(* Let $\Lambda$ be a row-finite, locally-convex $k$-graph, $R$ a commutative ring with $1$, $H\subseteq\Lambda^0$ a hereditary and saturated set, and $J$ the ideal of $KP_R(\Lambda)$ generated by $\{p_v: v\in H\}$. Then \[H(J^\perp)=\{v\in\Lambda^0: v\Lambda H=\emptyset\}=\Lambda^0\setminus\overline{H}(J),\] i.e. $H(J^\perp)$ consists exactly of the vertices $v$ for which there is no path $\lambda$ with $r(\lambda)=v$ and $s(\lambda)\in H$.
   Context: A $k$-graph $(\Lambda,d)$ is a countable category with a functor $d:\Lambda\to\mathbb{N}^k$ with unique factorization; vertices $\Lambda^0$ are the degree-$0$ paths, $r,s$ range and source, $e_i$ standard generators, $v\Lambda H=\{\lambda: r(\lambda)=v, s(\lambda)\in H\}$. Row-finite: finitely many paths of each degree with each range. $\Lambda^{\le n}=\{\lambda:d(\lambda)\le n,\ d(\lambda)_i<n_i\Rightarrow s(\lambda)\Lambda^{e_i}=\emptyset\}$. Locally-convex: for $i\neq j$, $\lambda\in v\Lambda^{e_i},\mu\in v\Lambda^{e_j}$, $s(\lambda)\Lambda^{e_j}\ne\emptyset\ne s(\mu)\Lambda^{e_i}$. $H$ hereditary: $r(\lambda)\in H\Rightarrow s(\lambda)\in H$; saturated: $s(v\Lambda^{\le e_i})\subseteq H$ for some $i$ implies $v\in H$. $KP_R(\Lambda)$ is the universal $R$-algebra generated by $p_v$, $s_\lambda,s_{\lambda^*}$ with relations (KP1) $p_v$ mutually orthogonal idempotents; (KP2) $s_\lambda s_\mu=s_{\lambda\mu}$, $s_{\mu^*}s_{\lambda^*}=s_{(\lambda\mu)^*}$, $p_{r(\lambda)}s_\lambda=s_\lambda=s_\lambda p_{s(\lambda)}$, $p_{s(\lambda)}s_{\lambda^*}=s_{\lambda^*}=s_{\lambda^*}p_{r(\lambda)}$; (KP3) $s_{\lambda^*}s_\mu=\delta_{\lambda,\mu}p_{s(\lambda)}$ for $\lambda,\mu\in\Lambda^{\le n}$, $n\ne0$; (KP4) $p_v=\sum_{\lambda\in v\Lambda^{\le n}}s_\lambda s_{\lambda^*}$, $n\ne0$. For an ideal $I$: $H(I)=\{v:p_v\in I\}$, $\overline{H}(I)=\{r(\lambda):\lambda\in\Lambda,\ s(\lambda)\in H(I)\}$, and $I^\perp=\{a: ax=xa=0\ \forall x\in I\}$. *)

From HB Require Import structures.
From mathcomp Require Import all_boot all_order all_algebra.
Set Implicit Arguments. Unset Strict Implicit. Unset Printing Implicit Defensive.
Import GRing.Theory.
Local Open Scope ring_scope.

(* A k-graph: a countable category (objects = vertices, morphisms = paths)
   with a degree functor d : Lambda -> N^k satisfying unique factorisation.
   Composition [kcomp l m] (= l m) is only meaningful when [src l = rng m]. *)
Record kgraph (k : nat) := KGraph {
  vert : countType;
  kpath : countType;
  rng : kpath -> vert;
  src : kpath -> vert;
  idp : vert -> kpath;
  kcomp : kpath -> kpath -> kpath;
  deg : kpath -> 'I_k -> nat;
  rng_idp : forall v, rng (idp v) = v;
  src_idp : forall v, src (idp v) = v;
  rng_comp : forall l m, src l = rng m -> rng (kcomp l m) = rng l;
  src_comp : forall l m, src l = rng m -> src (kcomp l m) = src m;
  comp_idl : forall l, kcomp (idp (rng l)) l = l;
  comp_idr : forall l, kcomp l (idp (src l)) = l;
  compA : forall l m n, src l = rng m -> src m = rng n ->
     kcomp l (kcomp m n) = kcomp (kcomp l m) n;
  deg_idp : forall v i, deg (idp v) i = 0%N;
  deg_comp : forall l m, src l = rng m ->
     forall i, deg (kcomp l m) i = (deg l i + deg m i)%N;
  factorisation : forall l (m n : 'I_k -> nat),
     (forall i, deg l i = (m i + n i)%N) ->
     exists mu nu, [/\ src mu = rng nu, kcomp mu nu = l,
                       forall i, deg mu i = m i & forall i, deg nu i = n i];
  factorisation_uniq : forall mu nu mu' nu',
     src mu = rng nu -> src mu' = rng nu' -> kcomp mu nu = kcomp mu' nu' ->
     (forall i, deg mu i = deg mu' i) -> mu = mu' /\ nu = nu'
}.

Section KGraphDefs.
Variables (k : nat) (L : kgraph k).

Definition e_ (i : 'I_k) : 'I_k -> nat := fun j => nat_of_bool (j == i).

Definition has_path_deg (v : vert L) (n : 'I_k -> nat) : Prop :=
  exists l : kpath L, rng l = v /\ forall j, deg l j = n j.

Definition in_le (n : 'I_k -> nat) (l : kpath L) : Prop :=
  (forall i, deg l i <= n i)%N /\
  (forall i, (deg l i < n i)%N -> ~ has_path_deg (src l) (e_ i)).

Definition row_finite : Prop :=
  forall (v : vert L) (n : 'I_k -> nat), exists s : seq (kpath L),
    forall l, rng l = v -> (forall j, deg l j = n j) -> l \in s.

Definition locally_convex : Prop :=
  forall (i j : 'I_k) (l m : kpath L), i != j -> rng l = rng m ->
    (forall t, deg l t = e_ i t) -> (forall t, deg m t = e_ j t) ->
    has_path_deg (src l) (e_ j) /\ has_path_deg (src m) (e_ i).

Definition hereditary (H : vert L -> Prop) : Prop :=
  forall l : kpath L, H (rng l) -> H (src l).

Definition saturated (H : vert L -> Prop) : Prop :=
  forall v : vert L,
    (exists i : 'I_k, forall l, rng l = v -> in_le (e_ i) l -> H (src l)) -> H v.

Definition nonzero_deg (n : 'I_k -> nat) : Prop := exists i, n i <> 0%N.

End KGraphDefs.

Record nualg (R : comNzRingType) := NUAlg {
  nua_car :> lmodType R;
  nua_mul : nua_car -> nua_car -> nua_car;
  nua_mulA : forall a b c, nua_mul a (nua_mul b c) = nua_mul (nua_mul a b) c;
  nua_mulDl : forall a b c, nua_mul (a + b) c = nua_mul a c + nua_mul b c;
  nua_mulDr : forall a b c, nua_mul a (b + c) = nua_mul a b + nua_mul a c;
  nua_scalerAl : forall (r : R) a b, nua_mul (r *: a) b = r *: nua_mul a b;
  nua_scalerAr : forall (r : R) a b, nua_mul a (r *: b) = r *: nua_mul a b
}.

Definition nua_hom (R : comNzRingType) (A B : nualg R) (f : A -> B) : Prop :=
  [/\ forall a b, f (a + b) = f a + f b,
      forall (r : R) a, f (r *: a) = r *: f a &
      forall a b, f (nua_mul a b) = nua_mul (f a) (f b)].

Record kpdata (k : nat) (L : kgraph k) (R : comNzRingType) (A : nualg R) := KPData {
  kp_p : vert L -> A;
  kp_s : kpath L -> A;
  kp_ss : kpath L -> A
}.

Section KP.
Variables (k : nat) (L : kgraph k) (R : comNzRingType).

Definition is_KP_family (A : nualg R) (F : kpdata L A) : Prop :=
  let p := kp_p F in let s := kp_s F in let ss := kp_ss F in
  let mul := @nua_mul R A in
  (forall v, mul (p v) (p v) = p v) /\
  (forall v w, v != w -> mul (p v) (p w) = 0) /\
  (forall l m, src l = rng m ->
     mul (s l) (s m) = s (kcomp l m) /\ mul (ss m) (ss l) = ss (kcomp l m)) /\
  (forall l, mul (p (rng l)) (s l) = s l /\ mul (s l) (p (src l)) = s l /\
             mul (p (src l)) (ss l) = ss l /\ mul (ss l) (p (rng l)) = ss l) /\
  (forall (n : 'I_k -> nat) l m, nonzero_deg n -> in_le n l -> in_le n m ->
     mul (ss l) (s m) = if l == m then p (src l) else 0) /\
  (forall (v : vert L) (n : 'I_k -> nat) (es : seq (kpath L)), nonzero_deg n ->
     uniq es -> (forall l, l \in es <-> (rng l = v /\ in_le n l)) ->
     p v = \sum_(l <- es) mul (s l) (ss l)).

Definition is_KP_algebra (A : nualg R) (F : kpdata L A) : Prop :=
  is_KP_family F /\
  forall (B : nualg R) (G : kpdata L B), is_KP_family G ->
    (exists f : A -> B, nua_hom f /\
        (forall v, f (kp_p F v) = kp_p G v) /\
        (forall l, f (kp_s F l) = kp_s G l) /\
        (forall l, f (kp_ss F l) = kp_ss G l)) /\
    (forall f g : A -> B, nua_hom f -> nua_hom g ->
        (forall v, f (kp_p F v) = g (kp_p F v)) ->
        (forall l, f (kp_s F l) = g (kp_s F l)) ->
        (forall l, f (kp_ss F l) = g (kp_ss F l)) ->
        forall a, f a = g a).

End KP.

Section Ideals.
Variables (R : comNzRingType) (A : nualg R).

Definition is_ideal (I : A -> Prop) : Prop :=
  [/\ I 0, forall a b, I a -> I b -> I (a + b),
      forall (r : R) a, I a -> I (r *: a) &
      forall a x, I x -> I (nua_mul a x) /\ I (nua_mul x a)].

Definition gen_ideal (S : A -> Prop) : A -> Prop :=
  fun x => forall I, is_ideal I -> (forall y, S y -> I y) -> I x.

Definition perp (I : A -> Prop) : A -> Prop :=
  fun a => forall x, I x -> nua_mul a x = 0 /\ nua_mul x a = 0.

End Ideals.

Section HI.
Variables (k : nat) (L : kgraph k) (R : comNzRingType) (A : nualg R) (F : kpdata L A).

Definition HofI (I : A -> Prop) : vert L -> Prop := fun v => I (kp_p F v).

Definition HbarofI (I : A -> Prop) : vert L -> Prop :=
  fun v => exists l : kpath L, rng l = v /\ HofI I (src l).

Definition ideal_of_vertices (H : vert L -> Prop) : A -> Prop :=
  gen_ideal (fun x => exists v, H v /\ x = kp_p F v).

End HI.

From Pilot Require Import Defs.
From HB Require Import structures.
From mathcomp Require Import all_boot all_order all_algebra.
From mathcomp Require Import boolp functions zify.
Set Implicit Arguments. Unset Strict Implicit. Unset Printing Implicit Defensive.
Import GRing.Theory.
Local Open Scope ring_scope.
^^^^^^^^^^^^^^^^
WHAT THE TASK ASKS: Could you restate word for word the lines above from the one containing "Definition locally_convex : Prop" through the one containing "forall a b, f (nua_mul", both included, and nothing else?

TASK RESPONSE:
Definition locally_convex : Prop :=
  forall (i j : 'I_k) (l m : kpath L), i != j -> rng l = rng m ->
    (forall t, deg l t = e_ i t) -> (forall t, deg m t = e_ j t) ->
    has_path_deg (src l) (e_ j) /\ has_path_deg (src m) (e_ i).

Definition hereditary (H : vert L -> Prop) : Prop :=
  forall l : kpath L, H (rng l) -> H (src l).

Definition saturated (H : vert L -> Prop) : Prop :=
  forall v : vert L,
    (exists i : 'I_k, forall l, rng l = v -> in_le (e_ i) l -> H (src l)) -> H v.

Definition nonzero_deg (n : 'I_k -> nat) : Prop := exists i, n i <> 0%N.

End KGraphDefs.

Record nualg (R : comNzRingType) := NUAlg {
  nua_car :> lmodType R;
  nua_mul : nua_car -> nua_car -> nua_car;
  nua_mulA : forall a b c, nua_mul a (nua_mul b c) = nua_mul (nua_mul a b) c;
  nua_mulDl : forall a b c, nua_mul (a + b) c = nua_mul a c + nua_mul b c;
  nua_mulDr : forall a b c, nua_mul a (b + c) = nua_mul a b + nua_mul a c;
  nua_scalerAl : forall (r : R) a b, nua_mul (r *: a) b = r *: nua_mul a b;
  nua_scalerAr : forall (r : R) a b, nua_mul a (r *: b) = r *: nua_mul a b
}.

Definition nua_hom (R : comNzRingType) (A B : nualg R) (f : A -> B) : Prop :=
  [/\ forall a b, f (a + b) = f a + f b,
      forall (r : R) a, f (r *: a) = r *: f a &
      forall a b, f (nua_mul a b) = nua_mul (f a) (f b)].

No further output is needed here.